What the task requires
Of the records that follow, copy only the lines from the line containing "size w :: rcons (switches n w ws) (size w)." to the line containing "[&& head 0 ws", both included, exactly as written.

Saved data entries
* * *
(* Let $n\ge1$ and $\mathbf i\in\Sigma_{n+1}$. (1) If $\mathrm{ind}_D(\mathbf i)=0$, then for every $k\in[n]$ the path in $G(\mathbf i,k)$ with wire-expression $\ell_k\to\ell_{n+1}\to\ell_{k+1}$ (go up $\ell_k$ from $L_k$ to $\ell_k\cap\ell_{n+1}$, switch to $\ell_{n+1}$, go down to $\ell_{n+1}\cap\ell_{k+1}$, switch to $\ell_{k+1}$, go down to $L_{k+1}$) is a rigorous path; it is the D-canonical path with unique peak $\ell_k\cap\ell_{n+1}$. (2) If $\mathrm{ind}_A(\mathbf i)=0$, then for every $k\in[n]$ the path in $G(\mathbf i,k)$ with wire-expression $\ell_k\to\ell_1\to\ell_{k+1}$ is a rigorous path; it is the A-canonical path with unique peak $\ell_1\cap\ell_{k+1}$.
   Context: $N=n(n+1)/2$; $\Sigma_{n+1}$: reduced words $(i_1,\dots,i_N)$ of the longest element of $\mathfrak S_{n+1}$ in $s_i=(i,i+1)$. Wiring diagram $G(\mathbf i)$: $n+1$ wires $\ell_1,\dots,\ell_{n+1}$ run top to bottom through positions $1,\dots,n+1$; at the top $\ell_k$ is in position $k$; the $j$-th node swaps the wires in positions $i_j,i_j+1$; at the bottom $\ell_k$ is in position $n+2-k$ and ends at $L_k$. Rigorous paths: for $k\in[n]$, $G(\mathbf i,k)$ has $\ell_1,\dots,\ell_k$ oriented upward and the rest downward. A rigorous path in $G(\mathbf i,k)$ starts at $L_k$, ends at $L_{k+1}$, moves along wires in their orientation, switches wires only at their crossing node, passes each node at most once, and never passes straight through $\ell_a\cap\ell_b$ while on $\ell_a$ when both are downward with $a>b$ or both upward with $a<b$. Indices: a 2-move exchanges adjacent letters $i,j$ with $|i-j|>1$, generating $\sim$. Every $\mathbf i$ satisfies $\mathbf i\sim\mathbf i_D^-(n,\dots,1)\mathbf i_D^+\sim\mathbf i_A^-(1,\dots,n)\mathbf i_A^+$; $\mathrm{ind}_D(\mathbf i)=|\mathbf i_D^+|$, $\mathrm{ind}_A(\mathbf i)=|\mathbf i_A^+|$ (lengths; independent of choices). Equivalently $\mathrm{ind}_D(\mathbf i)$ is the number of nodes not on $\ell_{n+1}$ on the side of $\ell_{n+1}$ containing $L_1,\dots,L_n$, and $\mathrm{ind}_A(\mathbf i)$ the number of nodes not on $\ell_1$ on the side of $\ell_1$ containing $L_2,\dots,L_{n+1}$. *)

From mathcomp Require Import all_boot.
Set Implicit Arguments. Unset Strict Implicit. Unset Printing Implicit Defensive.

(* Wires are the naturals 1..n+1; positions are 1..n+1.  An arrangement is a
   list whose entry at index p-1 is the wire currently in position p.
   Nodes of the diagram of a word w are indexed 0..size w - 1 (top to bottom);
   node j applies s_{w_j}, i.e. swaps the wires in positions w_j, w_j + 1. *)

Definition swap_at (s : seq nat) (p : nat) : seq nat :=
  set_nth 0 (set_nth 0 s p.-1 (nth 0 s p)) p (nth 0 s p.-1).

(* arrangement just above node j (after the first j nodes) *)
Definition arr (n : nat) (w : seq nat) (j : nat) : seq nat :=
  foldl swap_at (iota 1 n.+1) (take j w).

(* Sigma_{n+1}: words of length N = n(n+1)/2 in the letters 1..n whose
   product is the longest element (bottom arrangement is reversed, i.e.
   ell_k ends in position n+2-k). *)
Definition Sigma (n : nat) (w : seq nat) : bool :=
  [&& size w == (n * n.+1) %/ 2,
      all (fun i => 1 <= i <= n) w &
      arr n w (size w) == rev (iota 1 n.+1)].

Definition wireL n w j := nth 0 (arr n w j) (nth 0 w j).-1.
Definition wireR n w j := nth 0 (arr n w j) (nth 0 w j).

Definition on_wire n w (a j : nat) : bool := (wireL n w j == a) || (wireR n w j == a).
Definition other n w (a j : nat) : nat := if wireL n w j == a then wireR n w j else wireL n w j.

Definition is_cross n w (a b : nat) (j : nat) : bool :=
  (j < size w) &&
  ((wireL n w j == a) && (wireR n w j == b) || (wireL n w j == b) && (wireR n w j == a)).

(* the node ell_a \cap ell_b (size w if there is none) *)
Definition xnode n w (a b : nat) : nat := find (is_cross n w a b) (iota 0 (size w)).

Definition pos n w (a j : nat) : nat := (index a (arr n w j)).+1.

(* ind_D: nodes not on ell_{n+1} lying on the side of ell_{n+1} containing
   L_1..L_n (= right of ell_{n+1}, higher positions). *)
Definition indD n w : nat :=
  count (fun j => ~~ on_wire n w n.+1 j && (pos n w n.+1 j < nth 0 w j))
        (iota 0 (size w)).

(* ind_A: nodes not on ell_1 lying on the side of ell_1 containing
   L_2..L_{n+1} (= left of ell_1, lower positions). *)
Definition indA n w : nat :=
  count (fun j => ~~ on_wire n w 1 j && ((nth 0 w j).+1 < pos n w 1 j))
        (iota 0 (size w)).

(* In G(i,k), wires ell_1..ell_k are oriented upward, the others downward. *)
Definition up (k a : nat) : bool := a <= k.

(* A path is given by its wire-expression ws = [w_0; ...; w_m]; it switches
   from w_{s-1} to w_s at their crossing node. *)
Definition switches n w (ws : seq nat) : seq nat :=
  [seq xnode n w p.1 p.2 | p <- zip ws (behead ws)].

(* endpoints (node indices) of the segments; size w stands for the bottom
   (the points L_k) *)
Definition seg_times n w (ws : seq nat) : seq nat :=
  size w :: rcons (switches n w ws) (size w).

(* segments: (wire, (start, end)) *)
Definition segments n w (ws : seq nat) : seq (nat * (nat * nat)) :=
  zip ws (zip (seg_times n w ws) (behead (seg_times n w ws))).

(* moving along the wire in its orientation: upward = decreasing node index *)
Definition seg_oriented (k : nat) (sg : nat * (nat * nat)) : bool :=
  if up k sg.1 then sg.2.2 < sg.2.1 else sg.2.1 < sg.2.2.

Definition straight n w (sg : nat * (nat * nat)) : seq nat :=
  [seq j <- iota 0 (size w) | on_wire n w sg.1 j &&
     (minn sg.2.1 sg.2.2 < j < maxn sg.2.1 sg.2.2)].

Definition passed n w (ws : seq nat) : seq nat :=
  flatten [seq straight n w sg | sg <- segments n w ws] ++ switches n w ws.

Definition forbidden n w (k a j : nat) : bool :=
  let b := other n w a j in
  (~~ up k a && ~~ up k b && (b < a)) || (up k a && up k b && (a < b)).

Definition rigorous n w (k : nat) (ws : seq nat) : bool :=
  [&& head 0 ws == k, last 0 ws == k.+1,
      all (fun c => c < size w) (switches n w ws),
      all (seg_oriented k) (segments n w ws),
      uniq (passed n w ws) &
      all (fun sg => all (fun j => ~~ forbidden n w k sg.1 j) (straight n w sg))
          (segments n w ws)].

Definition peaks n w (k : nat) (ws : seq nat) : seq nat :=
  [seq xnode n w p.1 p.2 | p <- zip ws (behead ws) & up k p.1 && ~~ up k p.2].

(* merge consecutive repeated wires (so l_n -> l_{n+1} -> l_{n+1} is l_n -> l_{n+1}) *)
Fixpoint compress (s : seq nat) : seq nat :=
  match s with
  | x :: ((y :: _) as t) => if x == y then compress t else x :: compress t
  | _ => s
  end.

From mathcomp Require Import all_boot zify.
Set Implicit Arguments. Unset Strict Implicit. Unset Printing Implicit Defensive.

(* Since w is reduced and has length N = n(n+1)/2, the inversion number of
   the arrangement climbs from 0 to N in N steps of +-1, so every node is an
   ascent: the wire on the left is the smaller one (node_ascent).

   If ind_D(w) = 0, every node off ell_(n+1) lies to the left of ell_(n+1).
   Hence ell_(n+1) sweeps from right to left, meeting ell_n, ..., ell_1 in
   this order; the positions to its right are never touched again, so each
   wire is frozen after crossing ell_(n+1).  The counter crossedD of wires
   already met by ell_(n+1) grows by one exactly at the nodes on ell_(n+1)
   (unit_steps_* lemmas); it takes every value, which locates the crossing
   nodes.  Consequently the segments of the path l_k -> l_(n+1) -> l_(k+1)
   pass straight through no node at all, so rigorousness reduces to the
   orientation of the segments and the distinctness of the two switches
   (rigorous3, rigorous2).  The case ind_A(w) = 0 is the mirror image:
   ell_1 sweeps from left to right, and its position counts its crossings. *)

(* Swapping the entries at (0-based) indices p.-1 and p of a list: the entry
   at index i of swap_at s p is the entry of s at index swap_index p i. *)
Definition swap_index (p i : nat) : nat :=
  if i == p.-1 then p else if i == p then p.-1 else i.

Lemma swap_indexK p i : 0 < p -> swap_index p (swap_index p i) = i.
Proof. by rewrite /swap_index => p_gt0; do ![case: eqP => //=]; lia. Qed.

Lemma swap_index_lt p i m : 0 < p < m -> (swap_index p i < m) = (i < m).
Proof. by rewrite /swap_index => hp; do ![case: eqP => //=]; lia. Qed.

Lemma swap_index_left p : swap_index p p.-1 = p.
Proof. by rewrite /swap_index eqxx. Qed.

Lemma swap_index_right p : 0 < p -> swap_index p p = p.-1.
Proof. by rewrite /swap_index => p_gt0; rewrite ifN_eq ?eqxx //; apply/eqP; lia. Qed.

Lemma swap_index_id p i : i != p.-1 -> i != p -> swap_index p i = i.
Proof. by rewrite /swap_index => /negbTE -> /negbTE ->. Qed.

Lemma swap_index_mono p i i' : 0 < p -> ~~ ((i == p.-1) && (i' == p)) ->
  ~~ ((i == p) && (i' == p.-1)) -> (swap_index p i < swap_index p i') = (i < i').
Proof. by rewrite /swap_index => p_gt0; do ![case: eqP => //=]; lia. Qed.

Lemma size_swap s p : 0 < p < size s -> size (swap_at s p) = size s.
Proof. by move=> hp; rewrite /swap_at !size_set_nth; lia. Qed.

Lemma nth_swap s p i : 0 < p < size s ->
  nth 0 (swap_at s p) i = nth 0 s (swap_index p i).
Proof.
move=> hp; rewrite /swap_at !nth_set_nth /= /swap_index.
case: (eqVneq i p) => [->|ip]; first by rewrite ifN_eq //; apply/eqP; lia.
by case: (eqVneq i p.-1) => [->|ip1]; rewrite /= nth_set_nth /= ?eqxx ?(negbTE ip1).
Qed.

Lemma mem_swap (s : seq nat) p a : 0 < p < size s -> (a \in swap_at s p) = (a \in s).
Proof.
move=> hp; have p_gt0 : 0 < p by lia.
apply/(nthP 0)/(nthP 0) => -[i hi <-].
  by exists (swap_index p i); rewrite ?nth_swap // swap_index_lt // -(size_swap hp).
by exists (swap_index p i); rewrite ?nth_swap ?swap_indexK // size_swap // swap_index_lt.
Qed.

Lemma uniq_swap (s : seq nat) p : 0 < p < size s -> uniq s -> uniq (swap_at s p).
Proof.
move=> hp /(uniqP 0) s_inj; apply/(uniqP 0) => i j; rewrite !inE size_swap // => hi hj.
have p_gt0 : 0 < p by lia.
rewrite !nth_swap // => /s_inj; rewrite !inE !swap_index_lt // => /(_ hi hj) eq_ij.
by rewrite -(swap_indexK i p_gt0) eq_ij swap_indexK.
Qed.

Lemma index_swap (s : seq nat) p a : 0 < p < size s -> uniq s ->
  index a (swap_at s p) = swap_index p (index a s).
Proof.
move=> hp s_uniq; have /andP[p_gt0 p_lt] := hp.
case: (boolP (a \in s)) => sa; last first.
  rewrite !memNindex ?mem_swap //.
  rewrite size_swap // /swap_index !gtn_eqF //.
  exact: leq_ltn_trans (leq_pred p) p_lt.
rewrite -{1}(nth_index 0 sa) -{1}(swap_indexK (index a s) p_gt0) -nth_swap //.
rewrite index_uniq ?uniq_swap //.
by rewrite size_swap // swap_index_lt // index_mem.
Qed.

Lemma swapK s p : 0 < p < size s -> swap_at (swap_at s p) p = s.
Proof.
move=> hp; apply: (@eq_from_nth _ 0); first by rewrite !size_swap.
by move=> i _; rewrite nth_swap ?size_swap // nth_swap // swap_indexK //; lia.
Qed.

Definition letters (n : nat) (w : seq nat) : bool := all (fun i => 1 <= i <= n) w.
* * *
Exercise result
  size w :: rcons (switches n w ws) (size w).

(* segments: (wire, (start, end)) *)
Definition segments n w (ws : seq nat) : seq (nat * (nat * nat)) :=
  zip ws (zip (seg_times n w ws) (behead (seg_times n w ws))).

(* moving along the wire in its orientation: upward = decreasing node index *)
Definition seg_oriented (k : nat) (sg : nat * (nat * nat)) : bool :=
  if up k sg.1 then sg.2.2 < sg.2.1 else sg.2.1 < sg.2.2.

Definition straight n w (sg : nat * (nat * nat)) : seq nat :=
  [seq j <- iota 0 (size w) | on_wire n w sg.1 j &&
     (minn sg.2.1 sg.2.2 < j < maxn sg.2.1 sg.2.2)].

Definition passed n w (ws : seq nat) : seq nat :=
  flatten [seq straight n w sg | sg <- segments n w ws] ++ switches n w ws.

Definition forbidden n w (k a j : nat) : bool :=
  let b := other n w a j in
  (~~ up k a && ~~ up k b && (b < a)) || (up k a && up k b && (a < b)).

Definition rigorous n w (k : nat) (ws : seq nat) : bool :=
  [&& head 0 ws == k, last 0 ws == k.+1,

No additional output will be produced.